Todos sabemos cuándo entra porque las luces se atenúan y el tocadiscos,
siempre preparado para la ocasión, cambia para dar paso a los mejores momentos
de la Callas en la Scala de Milán. Está claro que sabe hacer justicia a la
melodía, porque sus citados 21 pasos forman ya parte del Carmen de Bizet; por ese motivo, hemos decidido entre todos
llamarla Habanera, en honor al pasaje
que suena siempre a su entrada en el local.
Pero nadie sabe cómo se llama, ni quién es, ni de dónde viene. Después
de tantos años, ella tampoco sabe nada de nosotros, así que nos hemos limitado
a ignorar este hecho y a adorarla de la única manera en que se puede observar
la belleza: de lejos.
Le dimos este nombre porque todos los que frecuentamos el local sólo por
queremos verla a ella, porque nos inspira. La mayoría somos artistas, y la musa
ha sido protagonista de sonetos, de esculturas e incluso de un réquiem. No
sabemos por qué, pero esa mirada negra esconde algo cautivador que me
obsesiona. Daría hasta mi propia vida por que me dedicara apenas dos minutos de
su tiempo para encuestarla con la mirada, para beberme sus ojos y degustarlos
como el mejor vino francés.
Hace cosa de un par de meses entró un extraño en el café. Nadie sabía
tampoco de dónde había salido, y evidentemente no era ninguno de nosotros, los
observadores de la Habanera. Se movía de una forma felina, y tras un rápido
vistazo, se dirigió raudo hasta nuestra musa. Yo me sentí muy violento. Hasta
entonces nadie se había atrevido a cruzar esa barrera tácita que la rodeaba,
esa aura maravillosa y mágica que casi la convertía en una diosa digna de su
corte de fieles servidores. El susodicho ni siquiera tanteó el terreno,
directamente la asedió. Ella, al sentirle tan cerca, levantó la mirada, más
sorprendida que otra cosa. Él hizo un gesto al chico de la barra indicándole
que llenara la copa de la señorita. El camarero obedeció raudo, pero la
Habanera tapó la copa con la mano derecha para expresar que estaba servida, y
le brindó a aquel niño –porque no debía de tener más de 12 años- la mejor de
sus sonrisas. El extraño estaba más intrigado si cabe, pero no estaba dispuesto
a rendirse tan fácilmente. Le rodeó la cintura muy decidido, dejando ver unos
brazos fuertes y musculosos. Ella no se apartó, ni mostró desagrado. Todo el
ambiente en el local era de pura tensión. Observábamos aquella escena inusual
con una mezcla de sorpresa y envidia. Yo no podía parar de preguntarme qué
habría pasado si hubiese sido yo el que se hubiera acercado algún día a la
Habanera. Pero a quién pretendía engañar: yo no tenía una actitud felina, ni
desafiante, ni mis brazos estaban cubiertos de músculos. Mi Habanera necesitaba
un hombre, y yo era un artista. Los artistas conocen muchas artes, excepto las
amatorias.
Estaba inmerso en mis pensamientos, cuando oí a lo lejos una voz de
mujer, de timbre cantarín y acompasado. La Habanera había emitido su primera
palabra en cinco años, y yo había sido tan tonto de no prestar atención a ese
momento. Ni siquiera sabía qué era lo que había dicho. Todos estábamos en
silencio, posiblemente compartiendo la misma idea, concentrados en oír de nuevo
un susurro, un ronroneo, o una nueva palabra de nuestra Habanera. No sé cuánto
tiempo nos quedamos allí, inquietos, vacíos, suspendidos en el aire. Entonces
él dijo:
-
Querida,
llevo una eternidad buscándote. Vámonos a casa.
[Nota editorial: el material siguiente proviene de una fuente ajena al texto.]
(* mathcomp-analysis also defines [connected] and [shift]. *)
Notation connected := Defs.connected.
Notation shift := Defs.shift.

(** * Rerouting a path through a cycle *)

Section Rerouting.
Variables (T : eqType) (r : rel T).
Hypothesis r_sym : symmetric r.

Lemma cycle_consE (y : T) (Q : seq T) :
  cycle r (y :: Q) = path r y Q && r (last y Q) y.
Proof. by rewrite /= rcons_path. Qed.

Lemma size_gt1 (a y : T) (P : seq T) :
  a \in P -> a != last y P -> (1 < size P)%N.
Proof. by case: P => [|w [|w' P]] //; rewrite inE => /eqP ->; rewrite eqxx. Qed.

Lemma split_first (p : pred T) s : has p s ->
  exists s1 x s2, [/\ s = s1 ++ x :: s2, p x & ~~ has p s1].
Proof. by case/split_find => x s1 s2 px ps1; exists s1, x, s2; rewrite cat_rcons. Qed.

Lemma split_last (p : pred T) s : has p s ->
  exists s1 x s2, [/\ s = s1 ++ x :: s2, p x & ~~ has p s2].
Proof.
rewrite -has_rev; move Es: (rev s) => s' ps'.
case/split_find: ps' Es => x s2 s1 px ps2 Es.
exists (rev s1), x, (rev s2); rewrite has_rev -[s]revK Es rev_cat rev_rcons.
by split.
Qed.

Lemma split_first_last (D : pred T) (L : seq T) (u v : T) :
  u \in L -> v \in L -> D u -> D v -> u != v ->
  exists L1 y M x L2,
    [/\ L = L1 ++ y :: M ++ x :: L2, D y, D x, ~~ has D L1 & ~~ has D L2].
Proof.
move=> uL vL Du Dv uv.
have [L1 [y [R [LE Dy DL1]]]] : exists L1 y R, [/\ L = L1 ++ y :: R, D y & ~~ has D L1].
  by apply: split_first; apply/hasP; exists u.
have notL1 w : D w -> w \notin L1.
  by move=> Dw; apply: contra DL1 => wL1; apply/hasP; exists w.
have [w wL [Dw wy]] : exists2 w, w \in L & D w /\ w != y.
  case: (eqVneq u y) => [uy|uy]; first by exists v => //; rewrite -uy eq_sym.
  by exists u.
have /split_last [M [x [L2 [RE Dx DL2]]]] : has D R.
  apply/hasP; exists w => //; move: wL; rewrite LE mem_cat inE (negbTE (notL1 _ Dw)).
  by rewrite (negbTE wy).
by exists L1, y, M, x, L2; rewrite LE RE.
Qed.

Lemma cycle_arc (D : seq T) (y x a : T) : uniq D -> cycle r D ->
  y \in D -> x \in D -> a \in D -> y != x -> a != y -> a != x ->
  exists W, [/\ path r y W, last y W = x, uniq (y :: W), a \in W & {subset W <= D}].
Proof.
move=> uD cD yD xD aD yx ay ax.
have [R DE] : exists R, rot (index y D) D = y :: R by eexists; apply: rot_index.
have uR : uniq (y :: R) by rewrite -DE rot_uniq.
have cR : cycle r (y :: R) by rewrite -DE rot_cycle.
have RD w : w \in y :: R -> w \in D by rewrite -DE mem_rot.
have inR w : w \in D -> w != y -> w \in R.
  by rewrite -(mem_rot (index y D)) DE inE => /orP [/eqP ->|]; rewrite ?eqxx.
have xR : x \in R by apply: inR; rewrite // eq_sym.
have aR : a \in R := inR a aD ay.
case/splitPr: xR uR cR RD aR => R1 R2 uR cR RD.
have /and3P [pR1 rR1x pR2] :
    [&& path r y R1, r (last y R1) x & path r x (rcons R2 y)].
  by move: cR; rewrite /= rcons_cat cat_path.
rewrite mem_cat inE (negbTE ax) orFb => /orP [aR1|aR2].
- exists (rcons R1 x); split.
  + by rewrite rcons_path pR1.
  + by rewrite last_rcons.
  + apply: (subseq_uniq _ uR); rewrite -cats1 -!cat_cons; apply: cat_subseq => //.
    exact: prefix_subseq.
  + by rewrite mem_rcons inE aR1 orbT.
  + by move=> w; rewrite mem_rcons inE => /orP [/eqP ->|wR1]; apply: RD;
    rewrite inE mem_cat ?wR1 ?mem_head ?orbT.
- exists (rev (x :: R2)); split.
  + have := rev_path r x (rcons R2 y); rewrite last_rcons belast_rcons => ->.
    by apply: sub_path pR2 => w z; rewrite r_sym.
  + by rewrite rev_cons last_rcons.
  + rewrite cons_uniq mem_rev rev_uniq.
    move: uR; rewrite cons_uniq mem_cat negb_or cat_uniq.
    by case/andP => /andP [_ ->] /and3P [_ _ ->].
  + by rewrite mem_rev inE aR2 orbT.
  + by move=> w; rewrite mem_rev => wR2; apply: RD; rewrite inE mem_cat wR2 !orbT.
Qed.

Lemma reroute_path (D L : seq T) (a u v : T) :
  uniq D -> cycle r D -> a \in D -> a \notin L -> sorted r L -> uniq L ->
  u \in L -> v \in L -> u \in D -> v \in D -> u != v ->
  exists L', [/\ sorted r L', uniq L', a \in L', head a L' = head a L
                & last a L' = last a L].
Proof.
move=> uD cD aD aL sL uL uinL vinL uinD vinD uv.
have [L1 [y [M [x [L2 [LE yD xD DL1 DL2]]]]]] :=
  split_first_last uinL vinL uinD vinD uv.
have yx : y != x.
  move: uL; rewrite LE cat_uniq cons_uniq mem_cat inE negb_or.
  by case/and3P => _ _ /andP [/andP [_ /norP []]].
have [ay ax] : a != y /\ a != x.
  by split; apply: contraNneq aL => ->; rewrite LE mem_cat inE ?mem_cat ?inE eqxx ?orbT.
have [W [pW lW uW aW WD]] := cycle_arc uD cD yD xD aD yx ay ax.
exists (L1 ++ y :: W ++ L2); split.
- move: sL; rewrite LE !sorted_cat_cons !cat_path lW /= => /andP [-> /and3P [_ _ ->]].
  by rewrite pW.
- rewrite -cat1s (catA [:: y]) uniq_catCA cat_uniq cat1s uW andTb.
  have yWD w : w \in y :: W -> w \in D by rewrite inE => /orP [/eqP ->|/WD].
  apply/andP; split.
    apply/hasPn => w; rewrite mem_cat => wL; apply/negP => /yWD wD.
    by case/orP: wL => wL; [move: DL1 | move: DL2] => /hasPn /(_ w wL) /negP; apply.
  apply: subseq_uniq uL; rewrite LE; apply: cat_subseq => //.
  by rewrite -cat1s -(cat1s x) !catA; apply: suffix_subseq.
- by rewrite mem_cat inE mem_cat aW !orbT.
- by rewrite LE; case: (L1).
- by rewrite LE !last_cat /= !last_cat lW.
Qed.
End Rerouting.

(** * Edges of the square lattice *)

Implicit Types (G H : E -> bool) (u v x y : V) (e f g h : E).

Definition neighbour (u v : V) : bool := adj (fun=> true) u v.

Definition edge_between (u v : V) : E :=
  if v == edst (u, false) then (u, false) else
  if v == edst (u, true) then (u, true) else
  if u == edst (v, false) then (v, false) else (v, true).

Definition joins (e : E) (u v : V) : Prop :=
  (esrc e, edst e) = (u, v) \/ (esrc e, edst e) = (v, u).

Lemma joins_inj e f u v : joins e u v -> joins f u v -> e = f.
Proof.
case: e f => [[p1 p2] b] [[q1 q2] c]; rewrite /joins /esrc /edst /=.
by case: b c => -[] [] [<- <-] [] [] ? ? ? ?; try congr (_, _, _); lia.
Qed.

Lemma joins_ends e u v x y : joins e u v -> joins e x y ->
  (u = x /\ v = y) \/ (u = y /\ v = x).
Proof. by rewrite /joins => -[] -> -[] [-> ->]; [left|right|right|left]. Qed.

Lemma adj_sym G u v : adj G u v = adj G v u.
Proof. by rewrite /adj orbA orbC -!orbA. Qed.

Lemma adjP G u v : reflect (exists2 e, G e & joins e u v) (adj G u v).
Proof.
apply: (iffP idP) => [/or4P [] /andP [Ge /eqP ->] | [[p []] Ge [] [<- <-]]];
  rewrite /adj ?Ge ?eqxx ?orbT //.
all: by eexists; [exact: Ge | rewrite /joins; by [left|right]].
Qed.

Lemma sub_adj G H u v : (forall e, H e -> G e) -> adj H u v -> adj G u v.
Proof. by move=> HG /adjP [e /HG Ge J]; apply/adjP; exists e. Qed.

Lemma adj_neighbour G u v : adj G u v -> neighbour u v.
Proof. exact: sub_adj. Qed.

Lemma edge_between_joins u v : neighbour u v -> joins (edge_between u v) u v.
Proof.
rewrite /neighbour /adj /edge_between /joins /esrc /=.
case: ifP => [/eqP -> _|_]; first by left.
case: ifP => [/eqP -> _|_]; first by left.
by case: ifP => [/eqP -> _|_ /eqP ->]; right.
Qed.

Lemma adjE G u v : neighbour u v -> adj G u v = G (edge_between u v).
Proof.
move=> /edge_between_joins J; apply/adjP/idP => [[e Ge /joins_inj /(_ J) <-] //|].
by exists (edge_between u v).
Qed.

Lemma edge_between_inj u v x y : neighbour u v -> neighbour x y ->
  edge_between u v = edge_between x y -> (u = x /\ v = y) \/ (u = y /\ v = x).
Proof.
move=> /edge_between_joins Juv /edge_between_joins + Exy.
by rewrite -Exy; apply: joins_ends.
Qed.

Definition edge_key (e : E) : int *l (int *l bool) := (e.1.1, (e.1.2, e.2)).

Definition edge_lt (e f : E) : bool := (edge_key e < edge_key f)%O.

Lemma edge_lt_irr e : ~~ edge_lt e e.
Proof. by rewrite /edge_lt ltxx. Qed.

Lemma edge_lt_trans e f g : edge_lt e f -> edge_lt f g -> edge_lt e g.
Proof. exact: lt_trans. Qed.

Lemma edge_lt_total e f : e != f -> edge_lt e f || edge_lt f e.
Proof.
move=> ef; apply: lt_total; apply: contra ef => /eqP.
by case: e f => [[? ?] ?] [[? ?] ?] [-> -> ->].
Qed.

Lemma exists_edge_lt_max (s : seq E) : s != [::] ->
  exists2 m, m \in s & all (fun f => ~~ edge_lt m f) s.
Proof.
elim: s => [//|x s IH] _; case: (eqVneq s [::]) => [->|/IH [m ms mmax]].
  by exists x; rewrite ?mem_head //= edge_lt_irr.
case: (boolP (edge_lt m x)) => mx.
  exists x; rewrite ?mem_head //= edge_lt_irr; apply/allP => f fs.
  by apply/negP => xf; move/allP: mmax => /(_ f fs); rewrite (edge_lt_trans mx xf).
by exists m; rewrite /= ?inE ?ms ?orbT ?mx.
Qed.

Lemma count_edge_lt_mono (s : seq E) g h : g \in s -> edge_lt g h ->
  (count (edge_lt^~ g) s < count (edge_lt^~ h) s)%N.
Proof.
move=> + gh; elim: s => [//|f s IH] /=; rewrite inE => /orP [/eqP <- | gs].
  rewrite (negbTE (edge_lt_irr g)) gh add0n add1n ltnS.
  by apply: sub_count => f' /= /edge_lt_trans; apply.
rewrite -addnS; apply: leq_add; last exact: IH.
by case: (boolP (edge_lt f g)) => // /edge_lt_trans ->.
Qed.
Ella levantó una vez más la mirada, y se tomó unos segundos para
responder. Miró de soslayo el reloj de la repisa, que le avisaba siempre de en
qué punto de nuestro ritual se encontraba. Cogió con suma delicadeza la copa
vacía, y se la acercó a los labios para reafirmar su feminidad. Se incorporó,
colocando las manos a ambos lados de su cuerpo, y nos miró a todos y cada uno
de nosotros. Entonces, alzó la copa a modo de brindis, bebió el líquido
imaginario, y sin mirar a su acompañante añadió: querido, yo ya estoy en casa.